# Repairing Usps Paint Scheme



## thedips (Mar 26, 2007)

have an 03/04 USPS bike... black/blue.... the top tube graphics are pretty messed up... is there anway to get this repaired? what are my options... i messaged trek but no reply... 

any help here guys?:idea:


----------



## cydswipe (Mar 7, 2002)

You will probably have to get custom decals made. Google to see which bike painters do custom graphics etc. It won't be cheap, especially if you want them under clear coat etc.


----------



## Retro Grouch (Apr 30, 2002)

*Keep Hounding Trek!*

I had to email Trek a few times before they got fed up with my repeated requests for touch up paint a few years ago. I finally won that battle and got it! Another option is to go to your LBS that sells Trek, and they might be able to help out. Taking it one step further, you can find out the next time the local Trek rep will drop by the shop and address the issue with the individual. You can get some great results when you put a company rep on the spot. You never know they might have a stash of USPS decals in the back of the factory and a call is all it takes to grant your wish.

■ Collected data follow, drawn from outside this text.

(* Let $(X,\phi)$ be an acyclic convex geometry. Then $(X,\phi)$ is ranked if and only if its critical base is ranked.
   Context: All sets are finite. A closure operator $\phi$ on $X$ is extensive, monotone and idempotent on $2^X$. $(X,\phi)$ is standard if $\phi(\emptyset)=\emptyset$ and $\phi(\{x\})\setminus\{x\}$ is closed for each $x$. A unit implicational base $\Sigma$ (set of implications $A\to b$, $A\subseteq X$, $b\in X$) is an implicational base of $(X,\phi)$ if its closed sets (sets $S$ such that for each $A\to b\in\Sigma$, $A\not\subseteq S$ or $b\in S$) are exactly the closed sets of $\phi$. $\Sigma$ is acyclic if the directed graph on $X$ with arcs $x\to y$ whenever some $A\to y\in\Sigma$ has $x\in A$ has no directed cycle; irredundant if removing any implication changes the closed sets. An acyclic convex geometry is a standard closure space admitting an acyclic implicational base. $A$ is a minimal generator of $b$ if $b\in\phi(A)$ and $b\notin\phi(A\setminus\{x\})$ for all $x\in A$. An acyclic convex geometry admits a unique irredundant implicational base all of whose implications $A\to b$ have $A$ a minimal generator of $b$; it is called the critical base. A rank function on $\Sigma$ is a map $\rho:X\to\mathbb{N}$ such that $\rho(a)=\rho(b)+1$ whenever $A\to b\in\Sigma$ and $a\in A$; $\Sigma$ is ranked if it admits a rank function. A convex geometry is ranked if it admits a ranked implicational base. *)

From mathcomp Require Import all_boot.
Set Implicit Arguments. Unset Strict Implicit. Unset Printing Implicit Defensive.

Section ConvexGeometry.
Variable X : finType.

Definition implication := ({set X} * X)%type.

Definition closure_operator (phi : {set X} -> {set X}) : Prop :=
  [/\ (forall A : {set X}, A \subset phi A),
      (forall A B : {set X}, A \subset B -> phi A \subset phi B) &
      (forall A : {set X}, phi (phi A) = phi A)].

Definition phi_closed (phi : {set X} -> {set X}) (S : {set X}) : Prop :=
  phi S = S.

Definition standard (phi : {set X} -> {set X}) : Prop :=
  phi set0 = set0 /\ forall x : X, phi_closed phi (phi [set x] :\ x).

Definition sigma_closed (Sigma : {set implication}) (S : {set X}) : Prop :=
  forall A b, (A, b) \in Sigma -> ~~ (A \subset S) \/ b \in S.

Definition implicational_base (phi : {set X} -> {set X})
  (Sigma : {set implication}) : Prop :=
  forall S : {set X}, sigma_closed Sigma S <-> phi_closed phi S.

Definition sigma_arc (Sigma : {set implication}) : rel X :=
  fun x y => [exists A : {set X}, ((A, y) \in Sigma) && (x \in A)].

(* no directed cycle (self-loops included) *)
Definition acyclic (Sigma : {set implication}) : Prop :=
  ~ exists x y : X, sigma_arc Sigma x y /\ connect (sigma_arc Sigma) y x.

Definition irredundant (Sigma : {set implication}) : Prop :=
  forall i, i \in Sigma ->
    exists S : {set X}, ~ (sigma_closed (Sigma :\ i) S <-> sigma_closed Sigma S).

Definition acyclic_convex_geometry (phi : {set X} -> {set X}) : Prop :=
  [/\ closure_operator phi, standard phi &
      exists Sigma, implicational_base phi Sigma /\ acyclic Sigma].

Definition minimal_generator (phi : {set X} -> {set X}) (A : {set X}) (b : X)
  : Prop :=
  b \in phi A /\ forall x, x \in A -> b \notin phi (A :\ x).

(* The critical base: the (unique) irredundant implicational base all of
   whose premises are minimal generators of their conclusions. *)
Definition critical_base (phi : {set X} -> {set X})
  (Sigma : {set implication}) : Prop :=
  [/\ implicational_base phi Sigma, irredundant Sigma &
      forall A b, (A, b) \in Sigma -> minimal_generator phi A b].

Definition rank_function (Sigma : {set implication}) (rho : X -> nat) : Prop :=
  forall A b a, (A, b) \in Sigma -> a \in A -> rho a = (rho b + 1)%N.

Definition ranked_base (Sigma : {set implication}) : Prop :=
  exists rho, rank_function Sigma rho.

Definition ranked_geometry (phi : {set X} -> {set X}) : Prop :=
  exists Sigma, implicational_base phi Sigma /\ ranked_base Sigma.

End ConvexGeometry.

(* Minimality of the critical premises forces them to lie strictly above their
   conclusion in the rank of any ranked base T, since a closure never needs
   elements of rank at most that of the element it produces.  If a premise a of
   (A, b) had rank at least rank b + 2, take a set S witnessing the irredundance
   of (A, b) and a T-rule (B, b) with B inside the closure of A.  Then B lies in
   S, the closure of B contains nothing of rank above rank b + 1, hence misses a,
   so S meets the closure of B in a closed set containing B but not b. *)
From mathcomp Require Import all_boot.
From Stdlib Require Import Classical.
Set Implicit Arguments. Unset Strict Implicit. Unset Printing Implicit Defensive.

Definition descending (X : finType) (Sigma : {set implication X}) (rho : X -> nat) :=
  forall A b a, (A, b) \in Sigma -> a \in A -> rho b < rho a.

Lemma rank_function_descending (X : finType) (Sigma : {set implication X}) rho :
  rank_function Sigma rho -> descending Sigma rho.
Proof. by move=> rhoS A b a Ab aA; rewrite (rhoS _ _ _ Ab aA) addn1. Qed.

Section BaseClosure.
Variables (X : finType) (phi : {set X} -> {set X}) (Sigma : {set implication X}).
Hypothesis phi_ext : forall A : {set X}, A \subset phi A.
Hypothesis phi_mono : forall A B : {set X}, A \subset B -> phi A \subset phi B.
Hypothesis phi_idem : forall A : {set X}, phi (phi A) = phi A.
Hypothesis Sigma_base : implicational_base phi Sigma.

Lemma closure_rule (S B : {set X}) c : (B, c) \in Sigma -> B \subset phi S -> c \in phi S.
Proof.
move=> Bc BS; have [/negP //|//] := (Sigma_base (phi S)).2 (phi_idem S) B c Bc.
Qed.

Lemma closure_min (A Y : {set X}) :
  A \subset Y -> sigma_closed Sigma Y -> phi A \subset Y.
Proof. by move=> AY /Sigma_base <-; apply: phi_mono. Qed.

Lemma closure_rule_witness (S : {set X}) x : x \in phi S -> x \notin S ->
  exists2 B, (B, x) \in Sigma & B \subset phi S.
Proof.
move=> xS xNS; apply: NNPP => noB.
have closed_D : sigma_closed Sigma (phi S :\ x).
  move=> B c Bc; have [BD|] := boolP (B \subset phi S :\ x); last by left.
  have BS : B \subset phi S by apply: subset_trans BD (subsetDl _ _).
  right; rewrite !inE (closure_rule Bc BS) andbT.
  by apply/eqP => cx; apply: noB; exists B; rewrite -?cx.
have SD : S \subset phi S :\ x.
  by apply/subsetP => y yS; rewrite !inE (subsetP (phi_ext S)) // andbT;
     apply: contraNneq xNS => <-.
by have := subsetP (closure_min SD closed_D) x xS; rewrite !inE eqxx.
Qed.

Variable rho : X -> nat.
Hypothesis rho_desc : descending Sigma rho.

Lemma mem_closure_rank_geq k (S : {set X}) x : x \in phi S -> k <= rho x ->
  x \in phi (S :&: [set y | k <= rho y]).
Proof.
move=> xS kx; set S' := S :&: _.
(* Rules only lower the rank, so adding every element of rank below k keeps closedness. *)
have closed_Z : sigma_closed Sigma (phi S' :|: [set y | rho y < k]).
  move=> B c Bc; have [BZ|] := boolP (B \subset _); last by left.
  right; rewrite !inE; have [_|kc] := ltnP (rho c) k; rewrite ?orbT // orbF.
  apply: (closure_rule Bc); apply/subsetP => y yB.
  move: (subsetP BZ y yB); rewrite !inE ltnNge.
  by rewrite (leq_trans kc (ltnW (rho_desc Bc yB))) orbF.
have SZ : S \subset phi S' :|: [set y | rho y < k].
  apply/subsetP => y yS; rewrite !inE; have [_|ky] := ltnP (rho y) k; rewrite ?orbT //.
  by rewrite (subsetP (phi_ext S')) // !inE yS ky.
by have := subsetP (closure_min SZ closed_Z) x xS; rewrite !inE ltnNge kx orbF.
Qed.

Lemma mem_closure_rank_gt (S : {set X}) x : x \in phi S -> x \notin S ->
  x \in phi (S :&: [set y | rho x < rho y]).
Proof.
move=> xS xNS; have [B Bx BS] := closure_rule_witness xS xNS.
apply: (closure_rule Bx); apply/subsetP => y yB.
exact: mem_closure_rank_geq (subsetP BS y yB) (rho_desc Bx yB).
Qed.

Hypothesis phi0 : phi set0 = set0.

Lemma closure_rank_lt k (B : {set X}) : {in B, forall y, rho y < k} ->
  {in phi B, forall x, rho x < k}.
Proof.
move=> Bk x xB; rewrite ltnNge; apply/negP => kx.
have := mem_closure_rank_geq xB kx.
suff -> : B :&: [set y | k <= rho y] = set0 by rewrite phi0 inE.
by apply/setP => y; rewrite !inE; apply/andP => -[/Bk]; rewrite ltnNge => /negP.
Qed.

End BaseClosure.

Section Irredundant.
Variables (X : finType) (Sigma : {set implication X}).

Lemma irredundant_witness (A : {set X}) b : irredundant Sigma -> (A, b) \in Sigma ->
  exists S, [/\ sigma_closed (Sigma :\ (A, b)) S, A \subset S & b \notin S].
Proof.
move=> irr Ab; have [S notiff] := irr _ Ab; exists S.
have closed_del : sigma_closed (Sigma :\ (A, b)) S.
  apply: NNPP => notD; apply: notiff; split=> // closed_S A' b'.
  by rewrite inE => /andP[_]; apply: closed_S.
have not_closed : ~ sigma_closed Sigma S by move=> closed_S; apply: notiff; split=> _.
have /andP[AS bNS] : (A \subset S) && (b \notin S).
  apply/negPn/negP; rewrite negb_and negbK => /orP violated.
  apply: not_closed => A' b' A'b'.
  have [[-> ->] //|ne] := eqVneq (A', b') (A, b).
  by apply: closed_del; rewrite !inE ne.
by split.
Qed.

Lemma irredundant_notin_premise (A : {set X}) b : irredundant Sigma -> (A, b) \in Sigma ->
  b \notin A.
Proof.
move=> irr Ab; have [S [_ AS bNS]] := irredundant_witness irr Ab.
exact: contraNN (subsetP AS b) bNS.
Qed.

Lemma sigma_closedI_del (A : {set X}) b (S F : {set X}) :
  sigma_closed (Sigma :\ (A, b)) S -> sigma_closed Sigma F -> ~~ (A \subset F) ->
  sigma_closed Sigma (S :&: F).
Proof.
move=> closed_S closed_F AF C d Cd.
have [|] := boolP (C \subset S :&: F); last by left.
rewrite subsetI => /andP[CS CF]; right.
have ne : (C, d) != (A, b) by apply: contraNneq AF => -[<- _].
have := closed_S C d; rewrite !inE ne Cd => /(_ isT) [/negP //|dS].
have [/negP //|dF] := closed_F C d Cd.
by rewrite dS dF.
Qed.

Lemma sigma_closedU_rank_le rho (A : {set X}) b (S : {set X}) : descending Sigma rho ->
  sigma_closed (Sigma :\ (A, b)) S ->
  sigma_closed Sigma (S :|: [set y | rho y <= rho b]).
Proof.
move=> desc closed_S C d Cd; have [CY|] := boolP (C \subset _); last by left.
right; rewrite !inE; have [_|bd] := leqP (rho d) (rho b); rewrite ?orbT // orbF.
have CS : C \subset S.
  apply/subsetP => c cC; move: (subsetP CY c cC); rewrite !inE.
  by rewrite leqNgt (ltn_trans bd (desc _ _ _ Cd cC)) orbF.
have ne : (C, d) != (A, b) by apply: contraTneq bd => -[_ ->]; rewrite ltnn.
by have := closed_S C d; rewrite !inE ne Cd => /(_ isT) [/negP //|].
Qed.

End Irredundant.

Section Critical.
Variables (X : finType) (phi : {set X} -> {set X}).
Hypothesis phi_ext : forall A : {set X}, A \subset phi A.
Hypothesis phi_mono : forall A B : {set X}, A \subset B -> phi A \subset phi B.
Hypothesis phi_idem : forall A : {set X}, phi (phi A) = phi A.
Hypothesis phi0 : phi set0 = set0.
Variables (Sigma T : {set implication X}) (rho : X -> nat).
Hypothesis Sigma_critical : critical_base phi Sigma.
Hypothesis T_base : implicational_base phi T.
Hypothesis rho_rank : rank_function T rho.

Let rho_desc := rank_function_descending rho_rank.

Lemma critical_descending : descending Sigma rho.
Proof.
case: Sigma_critical => _ irr min_gen A b a Ab aA.
have [bA minA] := min_gen A b Ab; rewrite ltnNge; apply/negP => ab.
have b_above := mem_closure_rank_gt phi_ext phi_mono phi_idem T_base rho_desc bA
  (irredundant_notin_premise irr Ab).
apply: (negP (minA a aA)); apply: subsetP b_above; apply: phi_mono.
apply/subsetP => y; rewrite !inE => /andP[yA by_].
by rewrite yA andbT; apply: contraTneq by_ => ->; rewrite -leqNgt.
Qed.

Lemma critical_rank_function : rank_function Sigma rho.
Proof.
case: Sigma_critical => Sigma_base irr min_gen A b a Ab aA.
have ba := critical_descending Ab aA.
have [->|ne] := eqVneq (rho a) (rho b).+1; first by rewrite addn1.
have b2a : (rho b).+2 <= rho a by rewrite ltn_neqAle eq_sym ne ba.
have [S [closed_S AS bNS]] := irredundant_witness irr Ab.
have [bA _] := min_gen A b Ab.
have [B Bb BA] := closure_rule_witness phi_ext phi_mono phi_idem T_base bA
  (irredundant_notin_premise irr Ab).
have BS : B \subset S.
  have AY := closure_min phi_mono Sigma_base
    (subset_trans AS (subsetUl _ _)) (sigma_closedU_rank_le critical_descending closed_S).
  apply/subsetP => y yB; move: (subsetP AY y (subsetP BA y yB)).
  by rewrite !inE (rho_rank Bb yB) addn1 ltnn orbF.
have aNB : a \notin phi B.
  apply: contraTN b2a => aB; rewrite -ltnNge.
  by apply: (closure_rank_lt phi_ext phi_mono phi_idem T_base rho_desc phi0 _ aB)
    => y yB; rewrite (rho_rank Bb yB) addn1.
have closed_SB : sigma_closed Sigma (S :&: phi B).
  apply: sigma_closedI_del closed_S _ _; first exact/Sigma_base/phi_idem.
  by apply: contraNN aNB => /subsetP; apply.
have BSB : B \subset S :&: phi B by rewrite subsetI BS phi_ext.
have bB : b \in phi B := closure_rule phi_idem T_base Bb (phi_ext B).
have := subsetP (closure_min phi_mono Sigma_base BSB closed_SB) b bB.
by rewrite inE (negbTE bNS).
Qed.

End Critical.

Theorem theorem2 (X : finType) (phi : {set X} -> {set X})
  (Hacg : acyclic_convex_geometry phi)
  (Sigma : {set implication X}) (Hcrit : critical_base phi Sigma) :
  ranked_geometry phi <-> ranked_base Sigma.
Proof.
case: Hacg => [[phi_ext phi_mono phi_idem] [phi0 _] _].
split=> [[T [T_base [rho rho_rank]]]|Sigma_ranked].
- by exists rho; apply: critical_rank_function T_base rho_rank.
- by exists Sigma; case: Hcrit.
Qed.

On a related note: When I use to have a Specialized bike, I emailed them asking for a set of yellow decals for an Allez road bike. To my astonishment, they sent me free of charge enough set of decals to do six bikes! I took what I needed and sold the rest on eBay for a tidy sum.:thumbsup:


----------



## PseuZQ (Mar 27, 2002)

As recommended to me by another poster, try Joe's Bicycle Painting -- 

http://www.joesbicyclepainting.com/


----------